Image Convolution Data Pre-Processing

Hi all, I’m working on a hardware accelerator for image convolution. I have much of my design ready to go but I’m faced with a small issue and I’m curious how you guys would fix it.

Target Device: Pynq Z2

So basically I’ve created an architecture to complete convolutions on hardware using a DMA controller and a custom IP to process the data coming from memory. Example graphic of convolution:
image

After doing some testing with the DMA, it seems the controller will send each value individually like I want, but one row at a time. This is a screenshot where I use the DMA as a FIFO and move value from one memory location to another.

The issue is that my data processing block is expecting my values to come in from the DMA in the following order:
image

I can do some data pre-processing to make sure the values are coming into my IP in the right order to fill my kernel, but this does not seem ideal. It might be worth mentioning that I was planning to do one color channel at a time so thats some more pre-processing overhead I might need. Any ideas?

Is this HLS controller? you could modify your code in C.
What about creating mini-ip-core that would rotate that matrix?
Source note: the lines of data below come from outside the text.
Lemma independent_layer_induces (W : {set V}) : W \subset X -> independent W ->
  tower 4 n <= #|W| -> induces_three n G.
Proof.
move=> WX indW nW.
have [[] [W1 W1W [nW1 hW1]]] := ramsey (fun x y => parent x == parent y) nW.
  have W10 : W1 != set0 by rewrite -card_gt0 (leq_ltn_trans _ (leq_trans (tower_gt 2 n) nW1)).
  have [v0 v0W1 pv0] := homogeneous_min W10 hW1.
  apply: (parent_star_induces WX indW W1W (leq_trans (tower_gt 2 n) nW1) v0W1) => v vW1 vv0.
  rewrite (eqP (pv0 v vW1 vv0)).
  by have [] := parent_layer (subsetP (subset_trans W1W WX) _ vW1).
apply: (parents_injective_induces (subset_trans W1W WX)) nW1 _.
  by apply: sub_in2 indW; apply/subsetP.
move=> x y xW1 yW1 /eqP pxy; apply/eqP; apply: contraTT pxy => xy.
by rewrite (homogeneous_sym (fun x y => eq_sym (parent x) (parent y)) hW1).
Qed.

Lemma layer_induces : tower 5 n <= #|X| -> induces_three n G.
Proof.
move=> nX; have [[] [W WX [nW hW]]] := ramsey adj nX;
  have hW' := homogeneous_sym (@gsym G) hW.
  apply/induces_Kstar/(clique_Kstar WX) => [|x y xW yW xy].
    exact: leq_trans (leq_tower 4 n) nW.
  by rewrite hW'.
exact: independent_layer_induces WX hW' nW.
Qed.

End Layer.

Lemma exists_ge_injective_in (T : finType) (Y : {set T}) (f : T -> nat) m :
  {in Y &, injective f} -> m < #|Y| -> exists2 v, v \in Y & m <= f v.
Proof.
move=> f_inj mY; apply/exists_inP; apply: contraTT mY => /exists_inPn small.
rewrite -leqNgt cardE -(size_map f) -[m in _ <= m](size_iota 0 m).
apply: uniq_leq_size => [|_ /mapP[v vY ->]].
  by rewrite map_inj_in_uniq ?enum_uniq // => x y; rewrite !mem_enum; apply: f_inj.
by rewrite mem_iota /= add0n ltnNge small // -mem_enum.
Qed.

Section Counting.
Variable G : graph.
Local Notation V := 'I_(gn G).
Local Notation adj := (gadj G).

Lemma disconnected_apart x y u w : connect adj x u -> connect adj y w -> ~~ connect adj x y ->
  u != w /\ ~~ adj u w.
Proof.
move=> xu yw; rewrite (connect_adj_sym y) in yw; move=> xny; split.
  by apply: contraNneq xny => uw; apply: connect_trans xu _; rewrite uw.
by apply: contra xny => uw; apply: connect_trans xu (connect_trans (connect1 uw) yw).
Qed.

Lemma disconnected_cut_vertices_nP3 n (W : {set V}) : {in W, forall v, cut_vertex v} ->
  {in W &, forall x y, x != y -> ~~ connect adj x y} -> n <= #|W| -> induced (nP3 n) G.
Proof.
move=> Wcut Wdis nW; have [f [f_inj fW]] := pick_injective nW.
have /fin_all_exists[ab abP] : forall i, exists ab : V * V,
    [/\ adj (f i) ab.1, adj (f i) ab.2, ab.1 != ab.2 & ~~ adj ab.1 ab.2].
  by move=> i; have [a [b abP]] := cut_vertex_neighbours (Wcut _ (fW i)); exists (a, b).
apply: (induced_nP3 (a := fun i => (ab i).1) (m := f) (b := fun i => (ab i).2)) => // i j ij x y.
have [fa fb _ _] := abP i; have [ga gb _ _] := abP j.
have fij : ~~ connect adj (f i) (f j) by apply: Wdis; rewrite ?inj_eq.
by rewrite !inE => /or3P[] /eqP-> /or3P[] /eqP->; apply: disconnected_apart fij;
  rewrite ?connect0 // connect1.
Qed.

Lemma rooted_cut_vertices_induce n r (Y : {set V}) :
  {in Y, forall v, [/\ connect adj r v, v != r & cut_vertex v]} ->
  4 ^ (tower 5 n + 4 * n + 1) <= #|Y| -> induces_three n G.
Proof.
move=> Yroot nY; have dist_sym := fun x y => eq_sym (dist r x) (dist r y).
have [b [Z /subsetP ZY [nZ hZ]]] := ramsey (fun x y => dist r x == dist r y) nY.
have {}hZ := homogeneous_sym dist_sym hZ; case: b hZ => hZ; last first.
  have d_inj : {in Z &, injective (dist r)}.
    move=> x y xZ yZ /eqP dxy; apply/eqP; apply: contraTT dxy => xy.
    by rewrite hZ.
  have [|v vZ dv] := exists_ge_injective_in d_inj (m := 4 * n); first by lia.
  have [rv _ _] := Yroot v (ZY _ vZ).
  exact/induces_nP3/(long_path_nP3 rv dv).
have /set0Pn[v0 v0Z] : Z != set0 by rewrite -card_gt0; lia.
have [rv0 v0r _] := Yroot v0 (ZY _ v0Z).
have [k dk] : exists k, dist r v0 = k.+1.
  by case Ed: (dist r v0) => [|k]; [move/eqP: Ed; rewrite dist_eq0 // (negbTE v0r) | exists k].
have Zlayer : {in Z, forall v, [/\ connect adj r v, dist r v = k.+1 & cut_vertex v]}.
  move=> v vZ; have [rv _ cv] := Yroot v (ZY _ vZ); split=> //.
  by have [->|vv0] := eqVneq v v0; last by rewrite -dk; apply/eqP; rewrite hZ.
have /fin_all_exists[a aP] : forall v : V, exists a, v \in Z -> adj v a /\ behind r v a.
  move=> v; have [vZ|vZ] := boolP (v \in Z); last by exists v.
  by have [rv _ cv] := Zlayer v vZ; have [a' ?] := cut_vertex_behind rv cv; exists a'.
by apply: (layer_induces Zlayer aP); lia.
Qed.

Definition cut_bound n := 4 ^ (4 ^ (tower 5 n + 4 * n + 1)).+1.

Lemma cut_vertices_induce n : cut_bound n <= #|[set v : V | cut_vertex v]| -> induces_three n G.
Proof.
move=> nC; have [b [W /subsetP WC [nW hW]]] := ramsey (connect adj) nC.
have {}hW := homogeneous_sym (@connect_adj_sym G) hW; case: b hW => hW; last first.
  apply/induces_nP3/(disconnected_cut_vertices_nP3 (W := W)) => [v /WC|x y xW yW xy|].
  - by rewrite inE.
  - by rewrite hW.
  apply: leq_trans nW; apply: leqW; apply: ltnW; apply: leq_ltn_trans (ltn_expl _ (isT : 1 < 4)).
  lia.
have /set0Pn[r rW] : W != set0 by rewrite -card_gt0; apply: leq_trans nW.
apply: (rooted_cut_vertices_induce (r := r) (Y := W :\ r)).
  move=> v /setD1P[vr vW]; split=> //; first by rewrite hW // eq_sym.
  by have := WC v vW; rewrite inE.
by move: nW; rewrite (cardsD1 r W) rW; lia.
Qed.

End Counting.

Lemma leq_card_cut_vertices G m (h : 'I_m -> 'I_(gn G)) :
  injective h -> (forall i, cut_vertex (h i)) -> m <= #|[set v : 'I_(gn G) | cut_vertex v]|.
Proof.
move=> h_inj hcut; rewrite -{1}(card_ord m) -(card_imset _ h_inj).
by apply/subset_leq_card/subsetP => _ /imsetP[i _ ->]; rewrite inE.
Qed.

Lemma Kstar_cut_vertices n : 1 < n -> n <= #|[set v : 'I_(gn (Kstar n)) | cut_vertex v]|.
Proof.
move=> n1; apply: (@leq_card_cut_vertices (Kstar n) _ (fun i => unsplit (inl i))).
  by move=> i j /= /lshift_inj.
move=> i; have [j ji] : exists j : 'I_n, j != i.
  by exists (Ordinal (leq_ltn_trans (leq_b1 (val i == 0)) n1)); rewrite -val_eqE /=; lia.
apply: (@pendant_cut_vertex (Kstar n) _ (unsplit (inr i)) (unsplit (inl j))).
- by rewrite Kstar_adjE.
- by move=> z; rewrite -(splitK z) Kstar_adjE; case: (split z) => // k /eqP ->.
- by rewrite Kstar_adjE eq_sym.
- by rewrite (can_eq unsplitK).
Qed.

Lemma K1star_cut_vertices n : n <= #|[set v : 'I_(gn (K1star n)) | cut_vertex v]|.
Proof.
apply: (@leq_card_cut_vertices _ _ (fun i => K1star_vertex (Some (inl i)))).
  by move=> i j /(can_inj (@K1star_vertexK n)) [].
move=> i; apply: (@pendant_cut_vertex _ _ (K1star_vertex (Some (inr i))) (K1star_vertex None)).
- by rewrite K1star_adjE.
- move=> z; rewrite -(K1star_roleK z) K1star_adjE.
  by case: (K1star_role z) => [[k|k]|] // /eqP ->.
- by rewrite K1star_adjE.
- by rewrite (can_eq (@K1star_vertexK n)).
Qed.

Lemma nP3_cut_vertices n : n <= #|[set v : 'I_(gn (nP3 n)) | cut_vertex v]|.
Proof.
pose role s (s3 : s < 3) : 'I_3 := Ordinal s3.
apply: (@leq_card_cut_vertices _ _ (fun q => nP3_vertex (q, role 1 isT))).
  by move=> q q' /(can_inj (@nP3_vertexK n)) [].
move=> q; apply: (@pendant_cut_vertex _ _ (nP3_vertex (q, role 0 isT))
  (nP3_vertex (q, role 2 isT))).
- by rewrite nP3_adjE /= eqxx.
- move=> z; rewrite -(nP3_roleK z) nP3_adjE; case: (nP3_role z) => q' s /= /andP[/eqP <-].
  by case: s => -[|[|[|?]]] // s3 _; congr nP3_vertex; congr pair; apply: val_inj.
- by rewrite nP3_adjE /= eqxx.
- by rewrite (can_eq (@nP3_vertexK n)) xpair_eqE eqxx.
Qed.

Lemma three_fam_cut_vertices n H : 1 < n -> three_fam n H ->
  n <= #|[set v : 'I_(gn H) | cut_vertex v]|.
Proof.
by move=> n1 [->|[->|->]]; rewrite ?Kstar_cut_vertices ?nP3_cut_vertices ?K1star_cut_vertices.
Qed.

Theorem corollary1p11 (F : gfamily) :
  (exists c : nat, forall G : graph, Hfree F G ->
      #|[set v : 'I_(gn G) | (2%:Z <= @sdeg G v)%R]| < c)
  <->
  (exists n : nat, 0 < n /\ fam_le F (three_fam n)).
Proof.
have sdegE G : [set v : 'I_(gn G) | (2%:Z <= sdeg v)%R] = [set v | cut_vertex v].
  by apply/setP => v; rewrite !inE sdeg_ge2E.
(* The bound [cut_bound n] works for every [n]. *)
split=> [[c small]|[n [_ Fle]]].
  exists c.+2; split=> // H H3; apply: NNPP => noF.
  have /small : Hfree F H by move=> H1 FH1 iH1; apply: noF; exists H1.
  have : c <= #|[set v : 'I_(gn H) | cut_vertex v]|.
    exact: leq_trans (leqW (leqnSn c)) (three_fam_cut_vertices _ H3).
  by rewrite sdegE ltnNge => ->.
exists (cut_bound n) => G FG; rewrite sdegE ltnNge; apply/negP => /cut_vertices_induce[H Hn iH].
by have [H1 FH1 iH1] := Fle H Hn; apply: FG FH1 (induced_trans iH1 iH).
Qed.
The controller design is written in RTL, I haven’t quite figured out how the HLS side works yet…

The issue with simply rotating the matrix is that the controller would need to buffer a lot of data because the DMA will send ALL pixels of row 0 for the picture, then ALL of row 1, then ALL of row 2 and so on. So since I’m looking to get a value from the first three rows (and then more after I’ve completed one line) I think I would need to store three rows entirely.

So this is great occasion to try how hls work and for practice rotate incoming data :smiley:
Hmm, I don’t see another way besides preprocessing